Legislators have yet to decide if they want to build a state-based health insurance exchange, but at least one lawmaker wants to explore the options of how best to accomplish that task.
Rep. Fred Wood, R-Burley, a backer of exchange development, told IdahoReporter.com that he wants the state’s two departments working on the idea to explore using private contractors to build the program.
But the head of one of the departments working on it says Wood's idea likely isn't feasible.
Dick Armstrong, head of the Idaho Department of Health and Welfare, told members of the House Health and Welfare Committee that the availability of companies for exchange creation may be limited. “There are only a few companies in this nation capable of doing this,” Armstrong warned.
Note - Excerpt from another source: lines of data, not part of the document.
Lemma is_linear_RtoC : is_linear (U := R_NormedModule) (V := C_R_NormedModule) RtoC.
Proof.
  split.
  - intros x y. apply injective_projections; simpl; unfold plus; simpl; ring.
  - intros c x. apply injective_projections; simpl; unfold scal; simpl; unfold mult; simpl; ring.
  - exists 1. split; [lra|]. intros x. rewrite Rmult_1_l. unfold norm; simpl.
    unfold prod_norm; simpl.
    change (norm (0 : R_NormedModule)) with (norm (zero : R_NormedModule)).
    rewrite norm_zero, Rmult_0_l, Rplus_0_r, Rmult_1_r, sqrt_square by apply norm_ge_0.
    apply Rle_refl.
Qed.

Definition exp_decay (k c x : R) : C := RtoC (c * exp (- (k * x))).

Lemma is_derive_exp_decay (k c x : R) :
  is_derive (exp_decay k c) x (exp_decay k (- k * c) x).
Proof.
  unfold exp_decay.
  apply (is_derive_linear_comp RtoC (fun t => c * exp (- (k * t)))); [exact is_linear_RtoC|].
  auto_derive; [easy|ring].
Qed.

Lemma exp_decay_continuous (k c x : R) : continuous (exp_decay k c) x.
Proof.
  apply (ex_derive_continuous (V := C_R_NormedModule)).
  eexists. apply is_derive_exp_decay.
Qed.

Lemma is_lim_exp_neg_pinfty (k : R) : 0 < k -> is_lim (fun x => exp (- (k * x))) p_infty 0.
Proof.
  intros k_pos.
  apply (is_lim_comp exp (fun x => - (k * x)) p_infty 0 m_infty); [exact is_lim_exp_m| |].
  - pose proof (is_lim_opp _ _ _ (is_lim_scal_l (fun y => y) k p_infty p_infty (is_lim_id p_infty)))
      as lim. simpl in lim.
    destruct (Rle_dec 0 k) as [k_ge0|]; [|lra].
    destruct (Rle_lt_or_eq_dec 0 k k_ge0); [exact lim|lra].
  - exists 0. intros y _ y_eq. discriminate.
Qed.

Lemma L2_plus_exp_decay (k c : R) : 0 < k -> L2_plus (exp_decay k c).
Proof.
  intros k_pos. unfold L2_plus.
  set (G := fun x => - (c ^ 2 / (2 * k)) * exp (- ((2 * k) * x))).
  assert (G_der : forall x, is_derive G x (c ^ 2 * exp (- ((2 * k) * x)))).
  { intros x. unfold G. auto_derive; [easy|field; lra]. }
  assert (sq_eq : forall x, Cmod (exp_decay k c x) ^ 2 = c ^ 2 * exp (- ((2 * k) * x))).
  { intros x. unfold exp_decay. rewrite Cmod_R, pow2_abs.
    replace (- (2 * k * x)) with (- (k * x) + - (k * x)) by ring. rewrite exp_plus. ring. }
  exists (0 - G 0).
  apply (is_RInt_gen_ext (Derive G)).
  - apply filter_forall. intros ab x _. rewrite sq_eq. apply is_derive_unique, G_der.
  - apply is_RInt_gen_Derive.
    + apply filter_forall. intros ab x _. eexists. apply G_der.
    + apply filter_forall. intros ab x _.
      apply (continuous_ext (fun x => c ^ 2 * exp (- ((2 * k) * x)))).
      { intros y. symmetry. apply is_derive_unique, G_der. }
      apply (ex_derive_continuous (V := R_NormedModule)). auto_derive. easy.
    + apply (filterlim_filter_le_1 (F := locally 0) G);
        [exact (filter_le_within (F := locally 0) (fun x => 0 < x))|].
      apply (ex_derive_continuous (V := R_NormedModule)). eexists. apply G_der.
    + pose proof (is_lim_scal_l _ (- (c ^ 2 / (2 * k))) _ _
        (is_lim_exp_neg_pinfty (2 * k) ltac:(lra))) as lim.
      simpl in lim. rewrite Rmult_0_r in lim. exact lim.
Qed.

Lemma eigenvalue_H_of_real (a alpha1 alpha2 k : R) :
  0 < k -> alpha1 = (a - k ^ 2) / k -> alpha2 = (a + k ^ 2) * k ->
  eigenvalue_H (RtoC a) alpha1 alpha2 (k ^ 4).
Proof.
  intros k_pos alpha1_eq alpha2_eq.
  exists (exp_decay k 1), (exp_decay k (- k)), (exp_decay k (k ^ 2)),
    (exp_decay k (- k ^ 3)), (exp_decay k (k ^ 4)).
  assert (limit0 : forall c, filterlim (exp_decay k c) (at_right 0) (locally (exp_decay k c 0))).
  { intros c. apply (filterlim_filter_le_1 (F := locally 0));
      [exact (filter_le_within (F := locally 0) (fun x => 0 < x))|apply exp_decay_continuous]. }
  assert (derive : forall c c' x, c' = - k * c -> is_derive (exp_decay k c) x (exp_decay k c' x)).
  { intros c c' x ->. apply is_derive_exp_decay. }
  split; [|split; [|split]].
  - split; [intros x _; split; [|split; [|split]]; apply derive; ring|].
    repeat split; try apply limit0; apply L2_plus_exp_decay, k_pos.
  - unfold bc_H, exp_decay. rewrite Rmult_0_r, Ropp_0, exp_0, Cconj_RtoC.
    split; apply injective_projections; simpl; rewrite ?alpha1_eq, ?alpha2_eq; field; lra.
  - intros x _. unfold exp_decay. apply injective_projections; simpl; ring.
  - exists 1. split; [lra|]. unfold exp_decay. intro u_eq0.
    apply (f_equal Re) in u_eq0. simpl in u_eq0.
    generalize (exp_pos (- (k * 1))). lra.
Qed.

Lemma eigenvalue_conditions_real (alpha : C) (alpha1 alpha2 k : R) : 0 < k ->
  (alpha = Cconj alpha /\
   RtoC alpha1 = ((alpha - RtoC (k ^ 2)) / RtoC k)%C /\
   RtoC alpha2 = ((alpha + RtoC (k ^ 2)) * RtoC k)%C) <->
  exists a, alpha = RtoC a /\ alpha1 = (a - k ^ 2) / k /\ alpha2 = (a + k ^ 2) * k.
Proof.
  intros k_pos. split.
  - intros (alpha_real & alpha1_eq & alpha2_eq).
    assert (alpha_eq : alpha = RtoC (Re alpha)).
    { apply injective_projections; [reflexivity|].
      apply (f_equal Im) in alpha_real. unfold Im in *; simpl in *. lra. }
    rewrite alpha_eq, <- RtoC_minus, <- RtoC_div in alpha1_eq by lra.
    rewrite alpha_eq, <- RtoC_plus, <- RtoC_mult in alpha2_eq.
    exists (Re alpha). split; [exact alpha_eq|].
    split; apply RtoC_inj; assumption.
  - intros (a & -> & -> & ->).
    rewrite Cconj_RtoC, <- RtoC_minus, <- RtoC_div, <- RtoC_plus, <- RtoC_mult by lra.
    repeat split.
Qed.

Lemma is_derive_Cquartic (c0 c1 c2 c3 z : C) :
  is_derive (K := C_AbsRing) (V := C_NormedModule)
    (fun w => c0 + c1 * w + c2 * (w * w) - c3 * (w * w * w) - w * w * w * w)%C z
    (c1 + 2 * c2 * z - 3 * c3 * (z * z) - 4 * (z * z * z))%C.
Proof.
  assert (mult_comm : forall a b : C_AbsRing, mult a b = mult b a) by (intros; apply Cmult_comm).
  pose (p2 := fun w : C_AbsRing => mult w w).
  pose (p3 := fun w : C_AbsRing => mult w (p2 w)).
  pose (p4 := fun w : C_AbsRing => mult w (p3 w)).
  assert (D1 : is_derive (K := C_AbsRing) (fun w : C_AbsRing => w) z one) by apply is_derive_id.
  assert (D2 : is_derive (K := C_AbsRing) p2 z (plus (mult one z) (mult z one)))
    by (apply (is_derive_mult (K := C_AbsRing) (fun w => w) (fun w => w)); auto).
  assert (D3 : is_derive (K := C_AbsRing) p3 z
                 (plus (mult one (p2 z)) (mult z (plus (mult one z) (mult z one)))))
    by (apply (is_derive_mult (K := C_AbsRing) (fun w => w) p2); auto).
  assert (D4 : is_derive (K := C_AbsRing) p4 z
                 (plus (mult one (p3 z))
                    (mult z (plus (mult one (p2 z)) (mult z (plus (mult one z) (mult z one)))))))
    by (apply (is_derive_mult (K := C_AbsRing) (fun w => w) p3); auto).
  apply (is_derive_ext (K := C_AbsRing) (V := C_NormedModule)
    (fun w => minus (minus (plus (plus c0 (scal w c1)) (scal (p2 w) c2)) (scal (p3 w) c3))
                    (scal (p4 w) (RtoC 1)))).
  { intros t. unfold p4, p3, p2, minus, plus, scal, opp; simpl; unfold mult; simpl. ring. }
  evar (d : C).
  replace (c1 + 2 * c2 * z - 3 * c3 * (z * z) - 4 * (z * z * z))%C with d.
  - apply (is_derive_minus (K := C_AbsRing) (V := C_NormedModule));
      [|apply (is_derive_scal_l (K := C_AbsRing) (V := C_NormedModule)), D4].
    apply (is_derive_minus (K := C_AbsRing) (V := C_NormedModule));
      [|apply (is_derive_scal_l (K := C_AbsRing) (V := C_NormedModule)), D3].
    apply (is_derive_plus (K := C_AbsRing) (V := C_NormedModule));
      [|apply (is_derive_scal_l (K := C_AbsRing) (V := C_NormedModule)), D2].
    apply (is_derive_plus (K := C_AbsRing) (V := C_NormedModule)); [apply is_derive_const|].
    apply (is_derive_scal_l (K := C_AbsRing) (V := C_NormedModule)), D1.
  - unfold d, p4, p3, p2, minus, plus, scal, opp; simpl; unfold mult, one, zero; simpl. ring.
Qed.

Lemma Omega_real_root (a k : R) : 0 < k ->
  Omega (RtoC a) ((a - k ^ 2) / k) ((a + k ^ 2) * k) (RtoC k) = RtoC 0.
Proof.
  intros k_pos. unfold Omega, alpha0. rewrite Cmod_R, pow2_abs.
  apply injective_projections; simpl; field; lra.
Qed.

Lemma is_derive_Omega (alpha : C) (alpha1 alpha2 : R) (z : C) :
  is_derive (K := C_AbsRing) (Omega alpha alpha1 alpha2) z
    ((RtoC 1 - Ci) * RtoC alpha2 + 2 * (RtoC 2 * Ci * RtoC (Re alpha)) * z
     - 3 * ((RtoC 1 + Ci) * RtoC alpha1) * (z * z) - 4 * (z * z * z))%C.
Proof.
  exact (is_derive_Cquartic (RtoC (alpha0 alpha alpha1 alpha2)) ((RtoC 1 - Ci) * RtoC alpha2)
    (RtoC 2 * Ci * RtoC (Re alpha)) ((RtoC 1 + Ci) * RtoC alpha1) z).
Qed.

Lemma is_derive_Omega_real_root (a k : R) : 0 < k ->
  is_derive (K := C_AbsRing) (Omega (RtoC a) ((a - k ^ 2) / k) ((a + k ^ 2) * k)) (RtoC k)
    ((- (RtoC 2 * RtoC k)) * (RtoC a - Ci * RtoC (k ^ 2)))%C.
Proof.
  intros k_pos.
  replace ((- (RtoC 2 * RtoC k)) * (RtoC a - Ci * RtoC (k ^ 2)))%C
    with ((RtoC 1 - Ci) * RtoC ((a + k ^ 2) * k) + 2 * (RtoC 2 * Ci * RtoC (Re (RtoC a))) * RtoC k
          - 3 * ((RtoC 1 + Ci) * RtoC ((a - k ^ 2) / k)) * (RtoC k * RtoC k)
          - 4 * (RtoC k * RtoC k * RtoC k))%C
    by (apply injective_projections; simpl; field; lra).
  apply is_derive_Omega.
Qed.

Lemma Omega_derivative_real_root_neq0 (a k : R) : 0 < k ->
  ((- (RtoC 2 * RtoC k)) * (RtoC a - Ci * RtoC (k ^ 2)))%C <> RtoC 0.
Proof.
  intros k_pos Heq. apply (f_equal Im) in Heq. simpl in Heq.
  assert (0 < k * (k * k)) by (repeat apply Rmult_lt_0_compat; lra). nra.
Qed.

Theorem proposition5p7 (alpha : C) (alpha1 alpha2 k : R) (hk : 0 < k) :
  (eigenvalue_H alpha alpha1 alpha2 (k ^ 4) <->
     (alpha = Cconj alpha /\
      RtoC alpha1 = ((alpha - RtoC (k ^ 2)) / RtoC k)%C /\
      RtoC alpha2 = ((alpha + RtoC (k ^ 2)) * RtoC k)%C)) /\
  (eigenvalue_H alpha alpha1 alpha2 (k ^ 4) ->
     Omega alpha alpha1 alpha2 (RtoC k) = RtoC 0 /\
     is_derive (K := C_AbsRing) (Omega alpha alpha1 alpha2) (RtoC k)
       ((- (RtoC 2 * RtoC k)) * (alpha - Ci * RtoC (k ^ 2)))%C /\
     ((- (RtoC 2 * RtoC k)) * (alpha - Ci * RtoC (k ^ 2)))%C <> RtoC 0).
Proof.
  assert (eigenvalue_iff : eigenvalue_H alpha alpha1 alpha2 (k ^ 4) <->
    exists a, alpha = RtoC a /\ alpha1 = (a - k ^ 2) / k /\ alpha2 = (a + k ^ 2) * k).
  { split; [apply eigenvalue_H_real_coefficients, hk|].
    intros (a & -> & alpha1_eq & alpha2_eq). apply eigenvalue_H_of_real; assumption. }
  split.
  - rewrite eigenvalue_iff, eigenvalue_conditions_real by exact hk. reflexivity.
  - intros eigenvalue. apply eigenvalue_iff in eigenvalue as (a & -> & -> & ->).
    split; [|split].
    + apply Omega_real_root, hk.
    + apply is_derive_Omega_real_root, hk.
    + apply Omega_derivative_real_root_neq0, hk.
Qed.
Though some companies can do it, the director said most are already being utilized by the federal government or other states in the push to build other exchanges before the Jan. 1, 2014, deadline. “These firms are all engaged,” Armstrong said, adding that he’s lost people from within his department who took jobs doing similar work with exchange contractors.
And even if the state could find a way to get contractors to do the work – if eventually approved – Armstrong says hiring them would be cost-prohibitive. “Prices have gone through the roof,” Armstrong said, citing demand from nearly every state to have contractors build exchanges.
Still, Wood is confident contractors will be eyed in the run-up to the exchange vote. “I’m sure we will, but I don’t know yet,” Wood said about exploring contractors to build the program. “We’ll just have to wait and see.”
The Idaho Department of Insurance, the flagship agency in exchange development, isn’t hot on the idea of using contractors, either. In an informational document about the program, DOI officials wrote that, “Health and Welfare has the technical expertise and knowledge” to aid exchange development.
Because DOI and DHW need “tight integration” of their systems in an exchange, insurance officials believe the state is best fit to do the job. “Outsourcing development of an exchange would be far more costly than utilizing DHW’s expertise and their availability of obtaining technical resources.”
Officials have until Jan. 1, 2013, to build a federally-certified exchange. The federal government handed the state $20 million to do the job, though lawmakers are undecided if they will authorize use of the funds.